I made an Ira Glass bot

A couple of weeks back This American Life ran an episode on how we read things differently depending on the context. They started the show with a section about InspiroBot. Host Ira Glass declared his love for the InspiroBot and interviewed the people behind it.

Since I love semi auto generated texts and Ira Glass is one of my favorite journalists I decided to make an Ira Glass "bot". Calling it a bot is actually a bit overstated. It's not like it can hold a conversation or anything. Here's what I did:

Downloaded all the This American Life transcripts

:::python
import os
from requests import get

def download(url, file_name):
    with open(file_name, "wb") as file:
        response = get(url)
        file.write(response.content)


for i in range(1, 664):
    url = f"https://www.thisamericanlife.org/{i}/transcript"
    fn = f"./data/raw_{i}.html"

    if not os.path.exists(fn):
        print(f"Downloading ep. {i}")
        download(url, fn)

Extracted everything Ira Glass said

I first tried a regex but that got hairy fast. So I picked up Scrapy that I've used before. That got me reacquainted with Xpath selectors. The syntax is about as readable as regexes but it's very powerful.

:::python
import os
from scrapy.selector import Selector


def keep(text):
    result = True

    if "[" in text:
        result = False

    if "]" in text:
        result = False

    if len(text) == 0:
        result = False

    return result


for i in range(1, 664):
    input = f"./data/raw_{i}.html"
    output = f"./data/raw_{i}.txt"

    items = []
    if not os.path.exists(output):
        data = open(input).read()
        xpath = "//h4[text()='Ira Glass']/following-sibling::*//descendant-or-self::*//text()"
        items.extend(Selector(text=data).xpath(xpath).extract())

        items = [i for i in items if keep(i)]

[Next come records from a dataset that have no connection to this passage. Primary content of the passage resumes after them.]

(* Let $\mathcal{Q}\subset\mathbb{R}^2$ be a convex polygon and $Q\in\mathcal{Q}$ one of its vertices. Let $\delta>0$ and $\bar Q\in\mathbb{R}^2$ with $\|Q-\bar Q\|<\delta$. Suppose there is $r>0$ with $\|Q\|>r$ such that \[ \frac{\langle Q,Q-P_j\rangle}{\|Q\|\,\|Q-P_j\|}\ge\frac{\delta}{r} \] for all other vertices $P_j\in\mathcal{Q}\setminus\{Q\}$. Then $Q$ is $\delta$-locally maximally distant with respect to $\bar Q$.
   Context: A convex polygon is a finite set of points of $\mathbb{R}^2$, not all on one line, in convex position (its points are its vertices). For a vertex $Q$ of a convex polygon $\mathcal{Q}$ and $\bar Q\in\mathbb{R}^2$ with $\|Q-\bar Q\|<\delta$, $Q$ is called $\delta$-locally maximally distant with respect to $\bar Q$ if $\|Q\|>\|A\|$ for every $A$ in the intersection of the open disk of radius $\delta$ centered at $\bar Q$ with the interior of the convex hull of $\mathcal{Q}$. *)

From mathcomp Require Import all_boot all_order all_algebra.
From mathcomp Require Import reals.
Set Implicit Arguments. Unset Strict Implicit. Unset Printing Implicit Defensive.
Import Order.TTheory GRing.Theory Num.Theory.
Local Open Scope ring_scope.

Section Plane.
Variable R : realType.

Definition pt := (R * R)%type.

Definition psub (p q : pt) : pt := (p.1 - q.1, p.2 - q.2).
Definition dot (p q : pt) : R := p.1 * q.1 + p.2 * q.2.
Definition enorm (p : pt) : R := Num.sqrt (dot p p).
Definition cross (p q : pt) : R := p.1 * q.2 - p.2 * q.1.

Definition in_conv_hull (s : seq pt) (x : pt) : Prop :=
  exists w : nat -> R,
    (forall i, (i < size s)%N -> 0 <= w i) /\
    \sum_(i < size s) w i = 1 /\
    x.1 = \sum_(i < size s) w i * (nth x s i).1 /\
    x.2 = \sum_(i < size s) w i * (nth x s i).2.

Definition in_interior_conv_hull (s : seq pt) (x : pt) : Prop :=
  exists e : R, 0 < e /\ forall y : pt, enorm (psub y x) < e -> in_conv_hull s y.

Definition convex_polygon (s : seq pt) : Prop :=
  uniq s /\
  (exists a b c, [/\ a \in s, b \in s, c \in s & cross (psub b a) (psub c a) != 0]) /\
  (forall P, P \in s -> ~ in_conv_hull (rem P s) P).

Definition loc_max_distant (s : seq pt) (Q Qbar : pt) (delta : R) : Prop :=
  forall A : pt, enorm (psub A Qbar) < delta -> in_interior_conv_hull s A ->
    enorm A < enorm Q.

End Plane.

(* With c := delta |Q| / r > delta, the angle condition says that every vertex P
   satisfies the cone condition c |Q - P| <= <Q, Q - P>.  Both sides are compatible
   with convex combinations (the left one by Cauchy-Schwarz), so the condition holds
   for every point A of the hull.  Then
   |Q|^2 - |A|^2 = 2 <Q, Q - A> - |Q - A|^2 >= |Q - A| (2c - |Q - A|) > 0,
   because |Q - A| < 2 delta < 2c.  The case A = Q cannot occur: the points
   Q + tQ, which lie in the hull if Q is interior, violate the cone condition. *)
From mathcomp Require Import all_boot all_order all_algebra.
From mathcomp Require Import reals.
From mathcomp Require Import ring lra.
Set Implicit Arguments. Unset Strict Implicit.
Import Order.TTheory GRing.Theory Num.Theory.
Local Open Scope ring_scope.

Section EuclideanPlane.
Variable R : realType.
Implicit Types p q u x : pt R.

Lemma enorm_ge0 p : 0 <= enorm p.
Proof. exact: sqrtr_ge0. Qed.

Lemma enorm_sq p : enorm p ^+ 2 = dot p p.
Proof. by rewrite /enorm sqr_sqrtr // /dot; nra. Qed.

Lemma enorm_lt p (e : R) : 0 < e -> dot p p < e ^+ 2 -> enorm p < e.
Proof. move=> e_gt0; rewrite -enorm_sq; have := enorm_ge0 p; nra. Qed.

Lemma enorm_psubb p : enorm (psub p p) = 0.
Proof. by rewrite /enorm /psub /dot !subrr mulr0 addr0 sqrtr0. Qed.

Lemma dot_psubb u p : dot u (psub p p) = 0.
Proof. by rewrite /dot /psub !subrr !mulr0 addr0. Qed.

Lemma enorm_psub_gt0 p q : p != q -> 0 < enorm (psub p q).
Proof.
case: p q => [a b] [a' b'] neq_pq; rewrite lt_def enorm_ge0 andbT.
apply: contra neq_pq => /eqP d0.
have := enorm_sq (psub (a, b) (a', b')).
rewrite d0 expr0n /dot /psub /= -!expr2 => /esym/eqP.
by rewrite paddr_eq0 ?sqr_ge0 // !sqrf_eq0 !subr_eq0 xpair_eqE.
Qed.

Lemma dot_le_enorm p q : dot p q <= enorm p * enorm q.
Proof.
have lagrange : dot p p * dot q q - dot p q ^+ 2 = cross p q ^+ 2.
  by rewrite /dot /cross; ring.
have sq_le : dot p q ^+ 2 <= (enorm p * enorm q) ^+ 2.
  by rewrite exprMn !enorm_sq -subr_ge0 lagrange sqr_ge0.
have := mulr_ge0 (enorm_ge0 p) (enorm_ge0 q); nra.
Qed.

Lemma enorm_psub_triangle p q x :
  enorm (psub p q) <= enorm (psub p x) + enorm (psub q x).
Proof.
set a := psub p x; set b := psub q x.
have expand : dot (psub p q) (psub p q) = dot a a - 2 * dot a b + dot b b.
  by rewrite /a /b /dot /psub /=; ring.
have cs : - dot a b <= enorm a * enorm b.
  have -> : - dot a b = dot a (- b.1, - b.2) by rewrite /dot /=; ring.
  have -> : enorm b = enorm (- b.1, - b.2).
    by rewrite /enorm /dot /=; congr Num.sqrt; ring.
  exact: dot_le_enorm.
have := enorm_sq (psub p q); have := enorm_sq a; have := enorm_sq b.
have := enorm_ge0 (psub p q); have := enorm_ge0 a; have := enorm_ge0 b.
nra.
Qed.

Lemma dot_psub_conv (s : seq (pt R)) (w : nat -> R) u q x :
  \sum_(i < size s) w i = 1 ->
  x.1 = \sum_(i < size s) w i * (nth x s i).1 ->
  x.2 = \sum_(i < size s) w i * (nth x s i).2 ->
  dot u (psub q x) = \sum_(i < size s) w i * dot u (psub q (nth x s i)).
Proof.
move=> w_sum1 x1 x2.
rewrite (eq_bigr (fun i : 'I_(size s) => dot u q * w i
    - u.1 * (w i * (nth x s i).1) - u.2 * (w i * (nth x s i).2))); last first.
  by move=> i _; rewrite /dot /psub /=; ring.
by rewrite !sumrB -!mulr_sumr w_sum1 -x1 -x2 /dot /psub /=; ring.
Qed.

Section Cone.
Variables (s : seq (pt R)) (q u : pt R) (c : R).
Hypothesis c_ge0 : 0 <= c.
Hypothesis cone_vertices :
  forall P, P \in s -> c * enorm (psub q P) <= dot u (psub q P).

Lemma in_conv_hull_cone y :
  in_conv_hull s y -> c * enorm (psub q y) <= dot u (psub q y).
Proof.
move=> [w [w_ge0 [w_sum1 [y1 y2]]]].
set S := \sum_(i < size s) w i * enorm (psub q (nth y s i)).
have S_ge0 : 0 <= S.
  by apply: sumr_ge0 => i _; rewrite mulr_ge0 ?w_ge0 ?enorm_ge0.
have cS_le : c * S <= dot u (psub q y).
  rewrite (dot_psub_conv _ _ w_sum1 y1 y2) mulr_sumr; apply: ler_sum => i _.
  by rewrite mulrCA ler_wpM2l ?w_ge0 ?cone_vertices ?mem_nth.
(* Cauchy-Schwarz termwise on the expansion of |q - y|^2 yields |q - y| <= S. *)
have d2_le : enorm (psub q y) ^+ 2 <= enorm (psub q y) * S.
  rewrite enorm_sq (dot_psub_conv _ _ w_sum1 y1 y2) mulr_sumr.
  apply: ler_sum => i _.
  by rewrite mulrCA ler_wpM2l ?w_ge0 ?dot_le_enorm.
have [d0 | d_neq0] := eqVneq (enorm (psub q y)) 0.
  by rewrite d0 mulr0 (le_trans _ cS_le) ?mulr_ge0.
have d_gt0 : 0 < enorm (psub q y) by rewrite lt_def d_neq0 enorm_ge0.
have d_le : enorm (psub q y) <= S by rewrite -(ler_pM2l d_gt0) -expr2.
exact: le_trans (ler_wpM2l c_ge0 d_le) cS_le.
Qed.

Lemma cone_apex_notin_interior :
  0 < enorm u -> ~ in_interior_conv_hull s q.
Proof.
move=> u_gt0 [e [e_gt0 near_in_hull]].
pose t := e / (2 * enorm u).
have t_gt0 : 0 < t by rewrite divr_gt0 ?mulr_gt0.
pose y : pt R := (q.1 + t * u.1, q.2 + t * u.2).
have y_near : enorm (psub y q) < e.
  apply: enorm_lt => //.
  have -> : dot (psub y q) (psub y q) = (t * enorm u) ^+ 2.
    by rewrite exprMn enorm_sq /dot /psub /=; ring.
  rewrite /t mulrAC -mulf_div divff ?gt_eqF // mulr1.
  nra.
have := in_conv_hull_cone (near_in_hull y y_near).
have -> : dot u (psub q y) = - (t * enorm u ^+ 2).
  by rewrite enorm_sq /dot /psub /y /=; ring.
have := mulr_ge0 c_ge0 (enorm_ge0 (psub q y)).
have := mulr_gt0 t_gt0 (exprn_gt0 2 u_gt0).
lra.
Qed.

End Cone.

Lemma enorm_lt_of_cone (q a : pt R) (c : R) :
  0 < enorm (psub q a) < 2 * c ->
  c * enorm (psub q a) <= dot q (psub q a) -> enorm a < enorm q.
Proof.
move=> /andP [d_gt0 d_lt] cone_a.
have gap : dot q q - dot a a = 2 * dot q (psub q a) - enorm (psub q a) ^+ 2.
  by rewrite enorm_sq /dot /psub /=; ring.
rewrite -!enorm_sq in gap.
have := enorm_ge0 a; have := enorm_ge0 q.
nra.
Qed.

End EuclideanPlane.

Theorem lemma5p12 (R : realType) (s : seq (pt R)) (Q Qbar : pt R) (delta r : R) :
  convex_polygon s -> Q \in s ->
  0 < delta -> enorm (psub Q Qbar) < delta ->
  0 < r -> r < enorm Q ->
  (forall P, P \in s -> P != Q ->
     delta / r <= dot Q (psub Q P) / (enorm Q * enorm (psub Q P))) ->
  loc_max_distant s Q Qbar delta.
Proof.
move=> _ _ delta_gt0 Q_near r_gt0 r_lt angle A A_near [e [e_gt0 A_interior]].
have Q_gt0 : 0 < enorm Q by apply: lt_trans r_lt.
pose c := delta / r * enorm Q.
have delta_lt_c : delta < c by rewrite /c mulrAC ltr_pdivlMr // ltr_pM2l.
have c_ge0 : 0 <= c by rewrite ltW ?(lt_trans delta_gt0).
have cone : forall P, P \in s -> c * enorm (psub Q P) <= dot Q (psub Q P).
  move=> P Ps; have [-> | PQ] := eqVneq P Q.
    by rewrite enorm_psubb dot_psubb mulr0.
  have QP_gt0 : 0 < enorm (psub Q P) by rewrite enorm_psub_gt0 // eq_sym.
  by rewrite -mulrA -ler_pdivlMr ?mulr_gt0 ?angle.
have A_hull : in_conv_hull s A by apply: A_interior; rewrite enorm_psubb.
have AQ : A != Q.
  apply/eqP => AQ; subst A.
  by apply: (cone_apex_notin_interior c_ge0 cone Q_gt0); exists e.
have QA_gt0 : 0 < enorm (psub Q A) by apply: enorm_psub_gt0; rewrite eq_sym.
apply: (enorm_lt_of_cone (c := c)); last exact: (in_conv_hull_cone c_ge0 cone A_hull).
rewrite QA_gt0 (le_lt_trans (enorm_psub_triangle Q A Qbar)) //.
by rewrite (lt_trans (ltrD Q_near A_near)) // mulr_natl mulr2n ltrD.
Qed.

        text = " ".join(items)

        fh = open(output, "w")
        fh.write(text)
        print(output)

Generated 100000 text snippets

Here I used pydodo, a Markov text generator that I wrote ages ago.

:::python
from pydodo import EnglishMarkov
import time
import os

outputfolder = "./generated"


def get_start_number(folder):
    ls = os.listdir(folder)
    try:
        result = max([int(item.split(".")[0]) for item in ls]) + 1
    except ValueError:
        result = 0
    return result


def get_model(input):
    mm = EnglishMarkov()
    mm.construct(open(input))
    mm = mm.remove_pines()
    return mm


def generate(model, n, start_number, folder):
    t1 = time.time()
    count = 0
    while count < n:
        # Generate a sentence
        sent = model.generate_sentence()
        # Only hang on to it if it's longer then 90 characters.
        if len(sent) > 90:

            fn = os.path.join(folder, f"{start_number + count}.txt")
            fh = open(fn, "w")
            fh.write(sent)
            fh.close()
            count += 1
            print(f"{count} / {n}")
    t2 = time.time()

    print(n / (t2 - t1))


model = get_model("./data/all_data.txt")
generate(model, 100000, get_start_number("./generated"), "./generated")

The front end

The front end is all static HTML/CSS with at dash of JavaScript to load in new text snippets. The loadRandomUrl function picks a random number in the range 1 - 100000, fetches the corresponding text snippet and inserts it on the page.

:::javascript
reload = function(url, number, reloadbuttontext){
    placeholder = document.getElementById("placeholder");
    reloadbutton = document.getElementById("reloadbutton");
    placeholder.classList.add("loading");

    buttontexts = ["More!", "Go!", "Deeper!", "Into!", "The!", "Abyss!"];
    index = buttontexts.indexOf(reloadbutton.textContent);
    if (index == -1) {
    newbuttontext = buttontexts[1];
    } else {
    newbuttontext = buttontexts[(index + 1) % buttontexts.length];
    }

    fetch(url)
    .then(function(response) {
        return response.text();
    }).then(function(text){
        placeholder.textContent = text;
        if (reloadbuttontext) {
        reloadbutton.textContent = newbuttontext;
        }

        placeholder.classList.remove("loading");        
    });
}


randomUrl = function(number){
    return 'https://mirrorglass.oivvio.com/script_to_track/'+ number + '.txt';
}

randomNumber = function(){
    max = 100000;
    return Math.floor(Math.random() * Math.floor(max)) + 1;
};

loadRandomUrl = function(reloadbuttontext=true){
    newUrl = randomUrl(randomNumber());
    reload(newUrl, randomNumber, reloadbuttontext);
}

window.onload = function(){
    loadRandomUrl(false);
}
\